🎇

How Attentive Are GATs? (GAT v2)

Read the paper

Key Ideas

Rank of attention in GATv1 is unconditional on the query node.
Because of this, some graph problems cannot be expressed by GAT.

Introduction

Proof that GAT doesn't compute a dynamic type of attention. It's only static.
- Static means for any query node, the attention is monotonic with respect to its neighbors.

Illustration showing that static attention assigns the same ranking of neighbors regardless of the query node.

Preliminaries

Generic GNN layer:

Generic GNN layer equation: aggregate neighbor representations, apply transformation.

GAT attention scoring:

GAT attention scoring function: $e_{ij} = \text{LeakyReLU}(\vec{a}^T [Wh_i \| Wh_j])$

GAT attention function:

GAT attention coefficients via softmax normalization over the neighborhood.

GAT layer:

Full GAT layer: $h_i' = \sigma(\sum_{j \in N(i)} \alpha_{ij} W h_j)$

Static vs Dynamic & Limited Expressivity of GAT

Static Attention

Family of functions computing scoring for a set of key vectors and query vectors. For every $f$ there's always a highest scoring key.
This is limiting because regardless of the query, every function has a key that's always selected.
BUT different keys have different relevance to different queries in real problems. How to express this?

Dynamic Attention

Every key has different scoring based on the query node. Notice dynamic attention families will have strict subsets of static attention.

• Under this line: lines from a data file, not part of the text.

(* Let $X\subseteq G_n$ be a finite set of Hermitian Pauli operators. If there exist a Pauli operator $x$, a determining tree $\tau_x$ for $x$ over $X$, and a determining tree $\tau'_{-x}$ for $-x$ over $X$ such that $D(\tau_x)=D(\tau'_{-x})$, then $X$ is state-independently AvN in a partial closure, i.e. $\mathbb{T}_{\mathbb{Z}_2}(\overline{X})$ is inconsistent.
   Context: $G_n$ is the $n$-qubit Pauli group ($c\,P_1\otimes\cdots\otimes P_n$, $c\in\{\pm1,\pm i\}$, $P_j\in\{I,X,Y,Z\}$). The partial closure $\overline{X}$ of $X$ in $G_n$ is the smallest subset of $G_n$ containing $X\cup\{I\}$ that is closed under products of commuting pairs (if $a,b\in\overline{X}$ and $ab=ba$ then $ab\in\overline{X}$); equivalently the smallest abelian partial group in $G_n$ (with commutativity as the commeasurability relation and multiplication defined on commuting pairs) containing $X$. For a set $Y$ of Hermitian Pauli operators, its measurement cover $\mathcal{M}_Y$ is the family of maximal pairwise-commuting subsets of $Y$, and its linear theory is $\mathbb{T}_{\mathbb{Z}_2}(Y)=\{\langle C,r,a\rangle: C\in\mathcal{M}_Y,\ r:C\to\mathbb{Z}_2,\ a\in\mathbb{Z}_2,\ \prod_{y\in C}y^{r(y)}=(-1)^aI\}$; it is inconsistent if no $g:Y\to\mathbb{Z}_2$ satisfies $\sum_{y\in C}r(y)g(y)=a$ (mod 2) for all $\langle C,r,a\rangle$ in it. $X$ is state-independently AvN in a partial closure if $\mathbb{T}_{\mathbb{Z}_2}(\overline{X})$ is inconsistent. A determining tree $\tau_x$ for a Pauli operator $x$ over $X$ is a finite rooted tree whose nodes are labelled by Pauli operators and whose leaves are labelled by elements of $X$, such that the root is $x$, the children of any node pairwise commute, and every non-leaf node is the operator product of its children. The determining set $D(\tau_x)$ is the set of operators occurring an odd number of times as leaf labels of $\tau_x$. *)

From HB Require Import structures.
From mathcomp Require Import all_boot all_order all_algebra.
Set Implicit Arguments. Unset Strict Implicit. Unset Printing Implicit Defensive.
Import GRing.Theory.

Inductive pauli1 := PI | PX | PY | PZ.

Definition pauli1_code (p : pauli1) : 'I_4 :=
  match p with PI => inord 0 | PX => inord 1 | PY => inord 2 | PZ => inord 3 end.
Definition pauli1_decode (i : 'I_4) : pauli1 :=
  match val i with 0 => PI | 1 => PX | 2 => PY | _ => PZ end.
Lemma pauli1_codeK : cancel pauli1_code pauli1_decode.
Proof. by case; rewrite /pauli1_decode /= inordK. Qed.
HB.instance Definition _ := Finite.copy pauli1 (can_type pauli1_codeK).

(* Product of single-qubit Paulis: P * Q = i^k R, returned as (k, R). *)
Definition mul1 (p q : pauli1) : 'Z_4 * pauli1 :=
  match p, q with
  | PI, r | r, PI => (0%R, r)
  | PX, PX | PY, PY | PZ, PZ => (0%R, PI)
  | PX, PY => (1%R, PZ) | PY, PX => ((-1)%R, PZ)
  | PY, PZ => (1%R, PX) | PZ, PY => ((-1)%R, PX)
  | PZ, PX => (1%R, PY) | PX, PZ => ((-1)%R, PY)
  end.

(* (k, P) represents the operator i^k P_1 (x) ... (x) P_n, k in Z_4.
   Distinct pairs represent distinct operators, so this is a faithful
   encoding of G_n. *)
Definition pauli (n : nat) := ('Z_4 * {ffun 'I_n -> pauli1})%type.

Definition pid (n : nat) : pauli n := (0%R, [ffun => PI]).

Definition pmul (n : nat) (a b : pauli n) : pauli n :=
  ((a.1 + b.1 + \sum_(j < n) (mul1 (a.2 j) (b.2 j)).1)%R,
   [ffun j => (mul1 (a.2 j) (b.2 j)).2]).

Definition pneg (n : nat) (a : pauli n) : pauli n := ((a.1 + (2%:R)%R)%R, a.2).

Definition pcommute (n : nat) (a b : pauli n) : bool := pmul a b == pmul b a.

Definition hermitian (n : nat) (a : pauli n) : bool :=
  (a.1 == 0%R) || (a.1 == (2%:R)%R).

Definition partially_closed (n : nat) (S : {set pauli n}) : bool :=
  [forall a in S, forall b in S, pcommute a b ==> (pmul a b \in S)].

Definition pclosure (n : nat) (X : {set pauli n}) : {set pauli n} :=
  \bigcap_(S : {set pauli n} | (pid n |: X \subset S) && partially_closed S) S.

Definition pairwise_commuting (n : nat) (C : {set pauli n}) : bool :=
  [forall a in C, forall b in C, pcommute a b].

Definition meas_cover (n : nat) (Y : {set pauli n}) : {set {set pauli n}} :=
  [set C | maxset (fun C : {set pauli n} => (C \subset Y) && pairwise_commuting C) C].

(* prod_{y in C} y^{r(y)}, r : C -> Z_2 (values outside C irrelevant) *)
Definition pprod_pow (n : nat) (C : {set pauli n}) (r : pauli n -> bool) : pauli n :=
  \big[@pmul n/pid n]_(y in C) (if r y then y else pid n).

Definition sign_id (n : nat) (a : bool) : pauli n :=
  if a then pneg (pid n) else pid n.

Definition in_theory (n : nat) (Y : {set pauli n}) (C : {set pauli n})
  (r : pauli n -> bool) (a : bool) : Prop :=
  C \in meas_cover Y /\ pprod_pow C r = sign_id n a.

Definition theory_inconsistent (n : nat) (Y : {set pauli n}) : Prop :=
  ~ exists g : pauli n -> bool,
      forall (C : {set pauli n}) (r : pauli n -> bool) (a : bool),
        in_theory Y C r a ->
        \big[addb/false]_(y in C) (r y && g y) = a.

Inductive ptree (n : nat) := PNode of pauli n & seq (ptree n).

Definition plabel (n : nat) (t : ptree n) : pauli n :=
  let: PNode x _ := t in x.

Fixpoint wf_det_tree (n : nat) (X : {set pauli n}) (t : ptree n) : bool :=
  let: PNode x cs := t in
  match cs with
  | [::] => x \in X
  | _ :: _ =>
      pairwise (@pcommute n) (map (@plabel n) cs) &&
      (x == foldr (@pmul n) (pid n) (map (@plabel n) cs)) &&
      (fix all_wf (l : seq (ptree n)) : bool :=
         match l with [::] => true | c :: l' => wf_det_tree X c && all_wf l' end) cs
  end.

Definition is_det_tree (n : nat) (X : {set pauli n}) (x : pauli n) (t : ptree n) : Prop :=
  plabel t = x /\ wf_det_tree X t.

Fixpoint leaves (n : nat) (t : ptree n) : seq (pauli n) :=
  let: PNode x cs := t in
  match cs with
  | [::] => [:: x]
  | _ :: _ =>
      (fix lv (l : seq (ptree n)) : seq (pauli n) :=
         match l with [::] => [::] | c :: l' => leaves c ++ lv l' end) cs
  end.

Definition det_set (n : nat) (t : ptree n) : {set pauli n} :=
  [set y | odd (count_mem y (leaves t))].

(* Suppose g : closure(X) -> Z_2 satisfied every equation of the linear
   theory.  The context {I} forces g(I) = 0 and {-I} forces g(-I) = 1, while
   for commuting Hermitian a, b the context {a, b, ab} has product
   a b (ab) = I, so g(ab) = g(a) + g(b).  Propagating this additivity up a
   determining tree, g(x) is the sum of g over the leaf labels, i.e. over
   D(tau_x); likewise for -x.  Hence D(tau_x) = D(tau'_-x) gives
   g(x) = g(-x), and then g(-I) = g(x (-x)) = g(x) + g(-x) = 0. *)

From HB Require Import structures.
From mathcomp Require Import all_boot all_algebra ring.
From Stdlib Require List.
Set Implicit Arguments. Unset Strict Implicit. Unset Printing Implicit Defensive.
Import GRing.Theory.
Local Open Scope ring_scope.

Lemma mul1_assoc_phase p q r :
  (mul1 p q).1 + (mul1 (mul1 p q).2 r).1 = (mul1 q r).1 + (mul1 p (mul1 q r).2).1.
Proof. by case: p; case: q; case: r; apply/eqP. Qed.

Lemma mul1_assoc_label p q r : (mul1 (mul1 p q).2 r).2 = (mul1 p (mul1 q r).2).2.
Proof. by case: p; case: q; case: r. Qed.

Lemma mul1C_phase p q : (mul1 q p).1 = - (mul1 p q).1.
Proof. by case: p; case: q; apply/eqP. Qed.

Lemma mul1Ip p : mul1 PI p = (0, p). Proof. by case: p. Qed.
Lemma mul1pI p : mul1 p PI = (0, p). Proof. by case: p. Qed.
Lemma mul1pp p : mul1 p p = (0, PI). Proof. by case: p. Qed.

Section PauliGroup.
Variable n : nat.
Implicit Types a b c : pauli n.

Lemma pmulA : associative (@pmul n).
Proof.
move=> a b c; rewrite /pmul /=; congr (_, _); last first.
  by apply/ffunP => j; rewrite !ffunE mul1_assoc_label.
set s1 := \sum_(j < n) _; set s2 := \sum_(j < n) _;
  set s3 := \sum_(j < n) _; set s4 := \sum_(j < n) _.
have E : s3 + s4 = s1 + s2.
  rewrite -!big_split; apply: eq_bigr => j _; rewrite !ffunE; exact: mul1_assoc_phase.
transitivity (a.1 + b.1 + c.1 + (s1 + s2)); first by ring.
by rewrite -E; ring.
Qed.

Lemma pmul1p : left_id (pid n) (@pmul n).
Proof.
move=> a; rewrite /pmul /= big1 => [|j _]; last by rewrite ffunE mul1Ip.
rewrite add0r addr0 [a]surjective_pairing; congr (_, _).
by apply/ffunP => j; rewrite !ffunE mul1Ip.
Qed.

Lemma pmulp1 : right_id (pid n) (@pmul n).
Proof.
move=> a; rewrite /pmul /= big1 => [|j _]; last by rewrite ffunE mul1pI.
rewrite !addr0 [a]surjective_pairing; congr (_, _).
by apply/ffunP => j; rewrite !ffunE mul1pI.
Qed.

HB.instance Definition _ :=
  Monoid.isLaw.Build (pauli n) (pid n) (@pmul n) pmulA pmul1p pmulp1.

Lemma pmulpN a b : pmul a (pneg b) = pneg (pmul a b).
Proof. by rewrite /pmul /pneg /=; congr (_, _); ring. Qed.

Lemma pmulNp a b : pmul (pneg a) b = pneg (pmul a b).
Proof. by rewrite /pmul /pneg /=; congr (_, _); ring. Qed.

Lemma hermitianE a : hermitian a = (a.1 + a.1 == 0).
Proof. by rewrite /hermitian; case: a => [[[|[|[|[|//]]]] ?] ?]. Qed.

Lemma hermitian_pid : hermitian (pid n).
Proof. by rewrite hermitianE addr0. Qed.

Lemma pmulpp a : hermitian a -> pmul a a = pid n.
Proof.
rewrite hermitianE /pmul /pid => /eqP aa; rewrite big1 => [|j _]; last by rewrite mul1pp.
by rewrite aa addr0; congr (_, _); apply/ffunP => j; rewrite !ffunE mul1pp.
Qed.

Lemma pcommute_refl a : pcommute a a.
Proof. exact: eqxx. Qed.

Lemma pcommute_sym a b : pcommute a b = pcommute b a.
Proof. exact: eq_sym. Qed.

Lemma pcommute_pid a : pcommute a (pid n).
Proof. by rewrite /pcommute pmul1p pmulp1. Qed.

Lemma pcommuteN a b : pcommute a b -> pcommute a (pneg b).
Proof. by rewrite /pcommute pmulpN pmulNp => /eqP ->. Qed.

Lemma pcommuteM a b c : pcommute a b -> pcommute a c -> pcommute a (pmul b c).
Proof. by move=> /eqP ab /eqP ac; apply/eqP; rewrite pmulA ab -pmulA ac pmulA. Qed.

Lemma pcommute_foldr a s :
  all (pcommute a) s -> pcommute a (foldr (@pmul n) (pid n) s).
Proof.
elim: s => [|b s IHs] /=; first by rewrite pcommute_pid.
by case/andP=> cab /IHs; apply: pcommuteM.
Qed.

Lemma hermitianM a b :
  hermitian a -> hermitian b -> pcommute a b -> hermitian (pmul a b).
Proof.
rewrite !hermitianE => /eqP aa /eqP bb /eqP/(congr1 fst) /=.
set S := \sum_(j < n) _.
rewrite (eq_bigr (fun j => - (mul1 (a.2 j) (b.2 j)).1)) => [|j _].
  2: exact: mul1C_phase.
rewrite sumrN -/S => ab_ba.
have SS : S + S = 0.
  by rewrite -(subrr (a.1 + b.1 + S)) {2}ab_ba; ring.
apply/eqP; transitivity (a.1 + a.1 + (b.1 + b.1) + (S + S)); first by ring.
by rewrite aa bb SS !addr0.
Qed.

End PauliGroup.

Section CommutingProducts.
Variables (T : eqType) (op : T -> T -> T).
Hypothesis opA : associative op.

Lemma foldr_op_pull x z (s : seq T) :
  all (fun y => op x y == op y x) s -> foldr op (op x z) s = op x (foldr op z s).
Proof.
elim: s => [|y s IHs] //= /andP[/eqP xy /IHs ->].
by rewrite opA -xy -opA.
Qed.

Lemma perm_foldr_commuting z (s1 s2 : seq T) :
  perm_eq s1 s2 -> {in s1 &, forall x y, op x y = op y x} ->
  foldr op z s1 = foldr op z s2.
Proof.
elim: s1 s2 => [|x s1 IHs] s2 s12 comm.
  by move: s12; rewrite perm_sym => /perm_nilP ->.
have x_s2 : x \in s2 by rewrite -(perm_mem s12) mem_head.
case/splitPr: x_s2 s12 => p1 p2 s12.
have s1p : perm_eq s1 (p1 ++ p2).
  by rewrite -(perm_cons x) (perm_trans s12) // (perm_catCA p1 [:: x] p2).
rewrite /= (IHs _ s1p) => [|y y' ys y's]; last exact: comm (mem_behead _) (mem_behead _).
rewrite !foldr_cat /= foldr_op_pull //.
apply/allP => y p1y; apply/eqP/comm; first exact: mem_head.
by rewrite (perm_mem s12) mem_cat p1y.
Qed.

End CommutingProducts.

Definition solution n (Y : {set pauli n}) (g : pauli n -> bool) : Prop :=
  forall C r a, in_theory Y C r a -> \big[addb/false]_(y in C) (r y && g y) = a.

Section Solutions.
Variables (n : nat) (Y : {set pauli n}) (g : pauli n -> bool).
Hypothesis gY : solution Y g.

Need for a New Scoring Function

Analysis showing that in GATv1, there exists a $j_{\max}$ such that $a_2(Wh_j)$ is maximal for all $j \in V$.

There exists a $j_{\max}$ so that $a_2(Wh_j)$ is maximal for all $j \in V$.
In that case, due to the monotonicity of LeakyReLU, for every query node $i$, the node $j_{\max}$ is leading to the maximal value of the distribution.
To avoid this, we can apply the learned attention layer after applying the LeakyReLU non-linearity.

GATv2 scoring function: $e_{ij} = \vec{a}^T \text{LeakyReLU}(W_l h_i + W_r h_j)$ — applying attention after the non-linearity enables dynamic attention.

Evaluation

Certain problems, like the dictionary lookup problem, cannot be learned with static attention (proven in the appendix of the paper).

Example graph problem that cannot be solved by GATv1's static attention but can be solved by GATv2's dynamic attention.